▸ **Your task**
Given the entries that follow, write out exactly the lines starting at the one containing "1 + (m - 1) * 2)%nat" and ending at the one containing "unfold T. rewrite <- !csum_scal, <- !csum_plus, <- csum_scal.", both ends included, and only those.

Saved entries
★ ★ ★ ★ ★ ★ ★

Lemma sum_root_unity_pow m N : (0 < m)%nat ->
  csum m (fun k => (root_unity m ^ k) ^ N)%C =
  if (N mod m =? 0)%nat then RtoC (INR m) else RtoC 0.
Proof.
  intros Hm. set (u := (root_unity m ^ N)%C).
  rewrite (csum_ext m _ (fun k => u ^ k)%C)
    by (intros k _; unfold u; rewrite <- !Cpow_mult_r, Nat.mul_comm; reflexivity).
  assert (Hu : u = (root_unity m ^ (N mod m))%C).
  { unfold u. rewrite (Nat.div_mod_eq N m) at 1.
    rewrite Cpow_add_r, Cpow_mult_r, root_unity_pow_m, Cpow_1_l by auto. ring. }
  destruct (Nat.eqb_spec (N mod m) 0) as [h|h].
  - rewrite (csum_ext m _ (fun _ => RtoC 1)); [apply csum_const_1|].
    intros k _. rewrite Hu, h. apply Cpow_1_l.
  - assert (Hne : (u - 1)%C <> RtoC 0).
    { intros H0. apply (root_unity_pow_neq_1 m (N mod m)).
      + split; [lia | apply Nat.mod_upper_bound; lia].
      + rewrite <- Hu. now apply Ceq_minus. }
    assert (Hum : (u ^ m)%C = RtoC 1).
    { unfold u. rewrite <- Cpow_mult_r, Nat.mul_comm, Cpow_mult_r, root_unity_pow_m by auto.
      apply Cpow_1_l. }
    pose proof (csum_geom m u) as G. rewrite Hum in G.
    set (S := csum m _) in *. clearbody S.
    replace S with (S * (u - 1) / (u - 1))%C by (field; auto).
    rewrite G. C_eq. field. auto.
Qed.

Lemma Cconj_root_unity_pow m k : (0 < m)%nat ->
  Cconj (root_unity m ^ k)%C = ((root_unity m ^ k) ^ (m - 1))%C.
Proof.
  intros Hm. set (u := (root_unity m ^ k)%C).
  assert (H1 : (u ^ (m - 1) * u)%C = RtoC 1).
  { replace (u ^ (m - 1) * u)%C with (u ^ S (m - 1))%C by (simpl; ring).
    replace (S (m - 1)) with m by lia.
    unfold u. rewrite <- Cpow_mult_r, Nat.mul_comm, Cpow_mult_r, root_unity_pow_m by auto.
    apply Cpow_1_l. }
  assert (H2 : (u * Cconj u)%C = RtoC 1).
  { rewrite <- Cmod2_conj. unfold u. rewrite Cmod_root_unity_pow. simpl. f_equal; ring. }
  transitivity (Cconj u * (u ^ (m - 1) * u))%C; [rewrite H1; ring|].
  transitivity (u * Cconj u * u ^ (m - 1))%C; [ring|]. rewrite H2. ring.
Qed.

(** * The Caratheodory-Toeplitz inequality *)

Definition mod_indicator (m N : nat) : C := if (N mod m =? 0)%nat then RtoC 1 else RtoC 0.

Lemma mod_neq_0_between m N k : (0 < m)%nat -> (k * m < N < (k + 1) * m)%nat -> (N mod m =? 0)%nat = false.
Proof.
  intros Hm HN. apply Nat.eqb_neq. intros H.
  apply Nat.Div0.mod_divides in H as [q Hq].
  assert (q <= k \/ k + 1 <= q)%nat as [h|h] by lia.
  - assert (m * q <= m * k)%nat by (apply Nat.mul_le_mono_l; auto). lia.
  - assert (m * (k + 1) <= m * q)%nat by (apply Nat.mul_le_mono_l; auto). lia.
Qed.

Lemma mod_indicator_small m j a b : (5 <= m)%nat -> (j + 2 < m)%nat -> (a <= 2)%nat -> (b <= 2)%nat ->
  mod_indicator m (j + a + (m - 1) * b) = if (j + a =? b)%nat then RtoC 1 else RtoC 0.
Proof.
  intros Hm Hj Ha Hb. unfold mod_indicator.
  destruct (Nat.eqb_spec (j + a) b) as [h|h].
  - replace (j + a + (m - 1) * b)%nat with (b * m)%nat by (rewrite h; destruct m; [lia|]; simpl; nia).
    now rewrite Nat.Div0.mod_mul.
  - assert (j + a < b \/ b < j + a)%nat as [h2|h2] by lia.
    + rewrite (mod_neq_0_between m _ (b - 1)); [reflexivity | lia|].
      destruct b; [lia|]. destruct m; [lia|]. simpl. nia.
    + rewrite (mod_neq_0_between m _ b); [reflexivity | lia|].
      destruct m; [lia|]. simpl. nia.
Qed.

(* The mean of [w^j (x0 + x1 w + x2 w^2) (y0 + y1 / w + y2 / w^2)] over the [m]-th roots of
   unity [w] (see [csum_root_unity_averaged]). *)
Definition averaged_coef (m : nat) (x0 x1 x2 y0 y1 y2 : C) (j : nat) : C :=
  (x0 * y0 * mod_indicator m (j + 0 + (m - 1) * 0) + x0 * y1 * mod_indicator m (j + 0 + (m - 1) * 1)
 + x0 * y2 * mod_indicator m (j + 0 + (m - 1) * 2) + x1 * y0 * mod_indicator m (j + 1 + (m - 1) * 0)
 + x1 * y1 * mod_indicator m (j + 1 + (m - 1) * 1) + x1 * y2 * mod_indicator m (j + 1 + (m - 1) * 2)
 + x2 * y0 * mod_indicator m (j + 2 + (m - 1) * 0) + x2 * y1 * mod_indicator m (j + 2 + (m - 1) * 1)
 + x2 * y2 * mod_indicator m (j + 2 + (m - 1) * 2))%C.

Lemma averaged_coef_0 m x0 x1 x2 y0 y1 y2 : (5 <= m)%nat ->
  averaged_coef m x0 x1 x2 y0 y1 y2 0 = (x0 * y0 + x1 * y1 + x2 * y2)%C.
Proof. intros Hm. unfold averaged_coef. rewrite !mod_indicator_small by lia. cbn [Nat.eqb Nat.add]. ring. Qed.

Lemma averaged_coef_1 m x0 x1 x2 y0 y1 y2 : (5 <= m)%nat ->
  averaged_coef m x0 x1 x2 y0 y1 y2 1 = (x0 * y1 + x1 * y2)%C.
Proof. intros Hm. unfold averaged_coef. rewrite !mod_indicator_small by lia. cbn [Nat.eqb Nat.add]. ring. Qed.

Lemma averaged_coef_2 m x0 x1 x2 y0 y1 y2 : (5 <= m)%nat ->
  averaged_coef m x0 x1 x2 y0 y1 y2 2 = (x0 * y2)%C.
Proof. intros Hm. unfold averaged_coef. rewrite !mod_indicator_small by lia. cbn [Nat.eqb Nat.add]. ring. Qed.

Lemma averaged_coef_mid m x0 x1 x2 y0 y1 y2 j : (5 <= m)%nat -> (3 <= j)%nat -> (j + 2 < m)%nat ->
  averaged_coef m x0 x1 x2 y0 y1 y2 j = RtoC 0.
Proof.
  intros Hm Hj Hjm. unfold averaged_coef. rewrite !mod_indicator_small by lia.
  repeat match goal with |- context [(?x =? ?y)%nat] => destruct (Nat.eqb_spec x y); [lia|] end.
  C_eq. ring.
Qed.

Lemma Cmod_averaged_coef_le m x0 x1 x2 y0 y1 y2 j :
  Cmod (averaged_coef m x0 x1 x2 y0 y1 y2 j) <=
  (Cmod x0 + Cmod x1 + Cmod x2) * (Cmod y0 + Cmod y1 + Cmod y2).
Proof.
  assert (Hterm : forall x y N, Cmod (x * y * mod_indicator m N)%C <= Cmod x * Cmod y).
  { intros x y N. rewrite !Cmod_mult. unfold mod_indicator. destruct (N mod m =? 0)%nat.
    - rewrite Cmod_1. lra.
    - rewrite Cmod_0. pose proof (Cmod_ge_0 x). pose proof (Cmod_ge_0 y). nra. }
  assert (Hplus : forall u v U V, Cmod u <= U -> Cmod v <= V -> Cmod (u + v)%C <= U + V).
  { intros. eapply Rle_trans; [apply Cmod_triangle | lra]. }
  eapply Rle_trans; [unfold averaged_coef; repeat apply Hplus; apply Hterm | right; ring].
Qed.

Definition trig3 (m : nat) (x0 x1 x2 : C) (k : nat) : C :=
  (x0 + x1 * root_unity m ^ k + x2 * (root_unity m ^ k) ^ 2)%C.

Definition trig3_rev (m : nat) (y0 y1 y2 : C) (k : nat) : C :=
  (y0 + y1 * (root_unity m ^ k) ^ (m - 1) + y2 * ((root_unity m ^ k) ^ (m - 1)) ^ 2)%C.

Lemma trig3_rev_conj m x0 x1 x2 k : (0 < m)%nat ->
  trig3_rev m (Cconj x0) (Cconj x1) (Cconj x2) k = Cconj (trig3 m x0 x1 x2 k).
Proof.
  intros Hm. unfold trig3_rev, trig3.
  now rewrite !Cplus_conj, !Cmult_conj, (Cpow_conj _ 2), Cconj_root_unity_pow.
Qed.

Lemma csum_root_unity_averaged m x0 x1 x2 y0 y1 y2 (c : C) (r : R) j : (0 < m)%nat ->
  csum m (fun k => c * (r * root_unity m ^ k) ^ j * (trig3 m x0 x1 x2 k * trig3_rev m y0 y1 y2 k))%C
  = (c * r ^ j * INR m * averaged_coef m x0 x1 x2 y0 y1 y2 j)%C.
Proof.
  intros Hm. set (T := fun N => csum m (fun k => (root_unity m ^ k) ^ N)%C).
  assert (HT : forall N, T N = (INR m * mod_indicator m N)%C).
  { intros N. unfold T. rewrite sum_root_unity_pow by auto. unfold mod_indicator.
    destruct (N mod m =? 0)%nat; C_eq; ring. }
  transitivity (c * r ^ j *
   (x0 * y0 * T (j + 0 + (m - 1) * 0)%nat + x0 * y1 * T (j + 0 + (m - 1) * 1)%nat
  + x0 * y2 * T (j + 0 + (m - 1) * 2)%nat + x1 * y0 * T (j + 1 + (m - 1) * 0)%nat
  + x1 * y1 * T (j + 1 + (m - 1) * 1)%nat + x1 * y2 * T (j + 1 + (m - 1) * 2)%nat
  + x2 * y0 * T (j + 2 + (m - 1) * 0)%nat + x2 * y1 * T (j + 2 + (m - 1) * 1)%nat
  + x2 * y2 * T (j + 2 + (m - 1) * 2)%nat))%C.
  2: { rewrite !HT. unfold averaged_coef. ring. }
  unfold T. rewrite <- !csum_scal, <- !csum_plus, <- csum_scal.
  apply csum_ext. intros k _. rewrite !Cpow_add_r, !Cpow_mult_r. unfold trig3, trig3_rev.
  rewrite Cpow_mult_l. simpl Cpow. ring.
Qed.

★ ★ ★ ★ ★ ★ ★

▸ **Answer to the exercise**
  + x1 * y1 * T (j + 1 + (m - 1) * 1)%nat + x1 * y2 * T (j + 1 + (m - 1) * 2)%nat
  + x2 * y0 * T (j + 2 + (m - 1) * 0)%nat + x2 * y1 * T (j + 2 + (m - 1) * 1)%nat
  + x2 * y2 * T (j + 2 + (m - 1) * 2)%nat))%C.
  2: { rewrite !HT. unfold averaged_coef. ring. }
  unfold T. rewrite <- !csum_scal, <- !csum_plus, <- csum_scal.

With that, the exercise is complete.